28.In this case, the testator, Mr A, made a will in 1973 in which he left his estate (valued at over £300,000) to his wife and, if she pre-deceased him, to the RC diocese of Portsmouth. Evidence from his daughter indicated that, during his final illness, Mr A intended to change his will in her favour. That evidence was supported by independent evidence that Mr A was disillusioned with religion and envisaged that his estate would pass to his family rather than the Church. Mr A appears to have been torn between giving effect to his late wife’s wish to benefit the Church and his own sense of responsibility towards his family. However, although it seems that Mr A had formed the intended to alter the provision made by his will, there was no evidence that he had formed a settled view about exactly how he should do.

The commission authorised Portsmouth RC Diocesan Trust to make a payment of £100,000 to Mr A’s daughter.

29.Mr B intended to change his will, by which a substantial gift was made to the Carstairs Countryside Trust, and had given detailed instructions to his solicitor to that effect. However, Mr B died unexpectedly before being able to execute a new will.
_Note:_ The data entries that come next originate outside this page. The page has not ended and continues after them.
(* Let $(\Lambda,d)$ be a finitely aligned $k$-graph and give $X_\Lambda$ the topology generated by the subbasis $\{D_F,X_\Lambda\setminus D_F:F\in S_\Lambda\}$. Then for each $v\in\Lambda^0$, $D_v:=D_{\{(v,v)\}}=\{x\in X_\Lambda: r(x)=v\}$ is compact; in particular $X_\Lambda$ is a locally compact Hausdorff space.
   Context: A $k$-graph $(\Lambda,d)$ is a countable small category $\Lambda$ (objects identified with identity morphisms) with a functor $d:\Lambda\to\mathbb N^k$ satisfying unique factorization: whenever $d(\lambda)=m+n$ there are unique $\mu,\nu$ with $d(\mu)=m$, $d(\nu)=n$, $\lambda=\mu\nu$. $\Lambda^0=d^{-1}(0)$, $r,s$ range/source. $\Lambda^{\min}(\lambda,\mu)=\{(\alpha,\beta):\lambda\alpha=\mu\beta,\ d(\lambda\alpha)=d(\lambda)\vee d(\mu)\}$; finitely aligned means all are finite. $S_\Lambda$ is the set of finite $F\subseteq\{(\lambda,\mu):s(\lambda)=s(\mu)\}$ such that distinct $(\lambda,\mu),(\nu,\omega)\in F$ satisfy $\Lambda^{\min}(\lambda,\nu)=\Lambda^{\min}(\mu,\omega)=\emptyset$. $\Omega_{k,m}$ ($m\in(\mathbb N\cup\{\infty\})^k$): objects $\{p\in\mathbb N^k:p\le m\}$, morphisms $(p,q)$ with $p\le q\le m$, $r(p,q)=p$, $s(p,q)=q$, $d(p,q)=q-p$. $X_\Lambda$ = all degree-preserving functors $x:\Omega_{k,m}\to\Lambda$; $d(x)=m$, $r(x)=x(0,0)$. $D_F=\{x\in X_\Lambda:\exists(\lambda,\mu)\in F,\ d(\mu)\le d(x),\ x(0,d(\mu))=\mu\}$. This subbasis generates a Hausdorff topology. *)

From HB Require Import structures.
From mathcomp Require Import all_boot all_order.
From mathcomp Require Import boolp classical_sets cardinality topology.

Set Implicit Arguments.
Unset Strict Implicit.
Unset Printing Implicit Defensive.

Local Open Scope classical_set_scope.

Definition degk (k : nat) := 'I_k -> nat.
Definition degk0 (k : nat) : degk k := fun _ => 0.
Definition degk_add k (m n : degk k) : degk k := fun i => m i + n i.
Definition degk_join k (m n : degk k) : degk k := fun i => maxn (m i) (n i).
Definition degk_le k (m n : degk k) : Prop := forall i, m i <= n i.

(** Elements of (N ∪ {∞})^k : None stands for ∞. *)
Definition extdeg (k : nat) := 'I_k -> option nat.
Definition degk_le_ext k (q : degk k) (m : extdeg k) : Prop :=
  forall i, match m i with Some mi => q i <= mi | None => true end.

(** A k-graph: a countable small category whose objects are identified with
    the identity morphisms (the morphisms [v] with [r v = v = s v]),
    with composition [kc] (only meaningful on composable pairs, [s mu = r nu]),
    and a degree functor [kd] into N^k with the unique factorisation
    property. *)
Record kgraph (k : nat) := KGraph {
  Mor :> countType;
  kr : Mor -> Mor;
  ks : Mor -> Mor;
  kc : Mor -> Mor -> Mor;
  kd : Mor -> degk k;
  kr_obj : forall l, kr (kr l) = kr l /\ ks (kr l) = kr l;
  ks_obj : forall l, kr (ks l) = ks l /\ ks (ks l) = ks l;
  kc_idl : forall l, kc (kr l) l = l;
  kc_idr : forall l, kc l (ks l) = l;
  kc_r : forall m n, ks m = kr n -> kr (kc m n) = kr m;
  kc_s : forall m n, ks m = kr n -> ks (kc m n) = ks n;
  kc_assoc : forall a b c, ks a = kr b -> ks b = kr c ->
    kc (kc a b) c = kc a (kc b c);
  kd_id : forall v, kr v = v -> ks v = v -> forall i, kd v i = 0;
  kd_comp : forall m n, ks m = kr n -> forall i, kd (kc m n) i = kd m i + kd n i;
  k_factor : forall l (m n : degk k), (forall i, kd l i = m i + n i) ->
    exists! mn : Mor * Mor,
      [/\ ks mn.1 = kr mn.2, (forall i, kd mn.1 i = m i),
          (forall i, kd mn.2 i = n i) & l = kc mn.1 mn.2]
}.

Section KGraphDefs.
Context {k : nat} (L : kgraph k).

Definition vertex (v : L) : Prop := forall i, kd v i = 0.

Definition Lmin (l m : L) : set (L * L) :=
  [set ab | [/\ ks l = kr ab.1, ks m = kr ab.2, kc l ab.1 = kc m ab.2 &
            kd (kc l ab.1) = degk_join (kd l) (kd m)]].

Definition finitely_aligned : Prop := forall l m : L, finite_set (Lmin l m).

(** S_Λ : finite sets F of pairs with common source, distinct elements
    having empty Λ^min in both coordinates.  Finite sets are given as lists. *)
Definition in_S (F : seq (L * L)) : Prop :=
  (forall lm, lm \in F -> ks lm.1 = ks lm.2) /\
  (forall a b, a \in F -> b \in F -> a != b ->
     Lmin a.1 b.1 = set0 /\ Lmin a.2 b.2 = set0).

(** Degree-preserving functors x : Ω_{k,m} → Λ, encoded by m and the
    partial map (p, q) ↦ x(p, q), defined exactly when p ≤ q ≤ m. *)
Definition is_kpath (xm : extdeg k * (degk k -> degk k -> option L)) : Prop :=
  let: (m, f) := xm in
  [/\ (forall p q, (exists l, f p q = Some l) <-> (degk_le p q /\ degk_le_ext q m)),
      (forall p q l, f p q = Some l -> forall i, kd l i = q i - p i),
      (forall p q l, f p q = Some l -> f p p = Some (kr l) /\ f q q = Some (ks l))
    & (forall p q t a b, f p q = Some a -> f q t = Some b -> f p t = Some (kc a b))].

Record XL := XPath {
  xdeg : extdeg k;
  xfun : degk k -> degk k -> option L;
  xpath : is_kpath (xdeg, xfun) }.

Definition xrange_is (x : XL) (v : L) : Prop := xfun x (@degk0 k) (@degk0 k) = Some v.

Definition DF (F : seq (L * L)) : set XL :=
  [set x | exists2 lm, lm \in F &
     degk_le_ext (kd lm.2) (xdeg x) /\ xfun x (@degk0 k) (kd lm.2) = Some lm.2].

Definition subbasis_index : set (option (bool * seq (L * L))) :=
  [set i | exists b F, i = Some (b, F) /\ in_S F].

Definition subbasis_set (i : option (bool * seq (L * L))) : set XL :=
  match i with
  | Some (true, F) => DF F
  | Some (false, F) => ~` DF F
  | None => set0
  end.

End KGraphDefs.

HB.instance Definition _ k (L : kgraph k) := gen_eqMixin (XL L).
HB.instance Definition _ k (L : kgraph k) := gen_choiceMixin (XL L).
HB.instance Definition _ k (L : kgraph k) :=
  isSubBaseTopological.Build (XL L) (@subbasis_index k L) (@subbasis_set k L).

From HB Require Import structures.
From mathcomp Require Import all_boot all_order.
From mathcomp Require Import boolp classical_sets cardinality topology.
From mathcomp Require Import finmap.

(* A path x is determined by the cylinders D_mu = D_{(mu, mu)} containing it,
   and every D_mu is clopen, so X_Lambda is Hausdorff.  For compactness of D_v
   take an ultrafilter U containing D_v and let G be the set of mu with
   D_mu in U.  Any two members of G are initial segments of one path, and by
   finite alignment the intersection of D_mu and D_nu is the finite union of
   the D_{mu alpha} with (alpha, beta) in Lambda^min(mu, nu); as U is ultra,
   G is directed for the join of degrees.  Hence the members of G glue to a
   single path x of degree sup_{mu in G} d(mu), and x lies in D_mu exactly
   when mu is in G.  So every subbasic neighbourhood of x is in U: D_F
   because F meets G, and X \ D_F because F is a finite set disjoint
   from G. *)

Set Implicit Arguments.
Unset Strict Implicit.
Unset Printing Implicit Defensive.
Local Open Scope classical_set_scope.

Lemma degk_le_refl k (p : degk k) : degk_le p p.
Proof. by move=> i. Qed.

Lemma degk_le_trans k (p q t : degk k) : degk_le p q -> degk_le q t -> degk_le p t.
Proof. by move=> pq qt i; exact: leq_trans (pq i) (qt i). Qed.

Lemma degk_le_ext_trans k (p q : degk k) (m : extdeg k) :
  degk_le p q -> degk_le_ext q m -> degk_le_ext p m.
Proof. by move=> pq qm i; move: (qm i); case: (m i) => // mi; exact: leq_trans. Qed.

Lemma extdeg_eq k (m m' : extdeg k) :
  (forall q, degk_le_ext q m <-> degk_le_ext q m') -> m = m'.
Proof.
move=> mm'; apply/funext => i.
pose e (n : nat) : degk k := fun j => if j == i then n else 0.
have eP (m0 : extdeg k) n :
    degk_le_ext (e n) m0 <-> (if m0 i is Some mi then n <= mi else true).
  split=> [/(_ i)|nm j]; rewrite /e; first by rewrite eqxx; case: (m0 i).
  by case: (eqVneq j i) => [->|_]; [case: (m0 i) nm | case: (m0 j)].
have {}mm' n : (if m i is Some mi then n <= mi else true) <->
               (if m' i is Some mi then n <= mi else true).
  by rewrite -eP -eP.
case: (m i) (m' i) mm' => [a|] [b|] mm'.
- by congr Some; apply/eqP; rewrite eqn_leq (mm' a).1 ?(mm' b).2.
- by have := (mm' a.+1).2 isT; rewrite ltnn.
- by have := (mm' b.+1).1 isT; rewrite ltnn.
- by [].
Qed.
The commission authorised the charity to make a payment of £70,000.

30.Mr C, whose will made a gift of residue to charity, subsequently gave instructions to his solicitor to increase pecuniary legacies to his nieces and a friend who looked after him. The will was prepared but Mr C was taken ill on the day of the appointment and telephoned his solicitor to tell him that he was being admitted to hospital. He died unexpectedly the next day.

The commission authorised the Donkey Sanctuary to make ex gratia payments totalling £1,052.63.

31.Mrs D left the bulk of her estate to the National Trust. In mid-December 2002 she told her financial adviser that she had invested £5,000 in an account for one of the two granddaughters of her cousin and would need to change her will to ensure that the granddaughter received the money. She also gave instructions for £5,000 to be invested in trust for the other granddaughter. Over Christmas, she informed family and friends that she intended to see her solicitor to change her will. She died unexpectedly in mid-January 2003, without having seen her solicitor and before the second investment had been made.

The commission authorised the National Trust to pay the money in the account to the first granddaughter and to pay the second granddaughter the sum of £5,000.

32.Mrs E made a will in 1979 leaving the whole of her estate to charity. In 2001 she instructed lawyers to draw up a new will which gave 3/21sts to the charity and the remainder to her family. This will was not executed because of Mrs E’s infirmity. We received statutory declarations from her family as to her intention and a letter from a friend of Mrs E who does not benefit under the will confirming that Mrs E wanted her family to benefit from her estate. Mrs E and her husband had made mirror wills in 1979 under which the family had not benefited but after his death in 1982 Mrs E had become reconciled with his family. The charity trustees did not regard themselves as being under a moral obligation with regard to the 50% of the bequest which had effectively come to them from Mrs E’s husband via her estate. However, they did regard themselves as having a moral obligation with regard to the remainder of the gift.

The commission authorised the charity, the Bequest of Grace Hudson, to make six payments each of £16,107.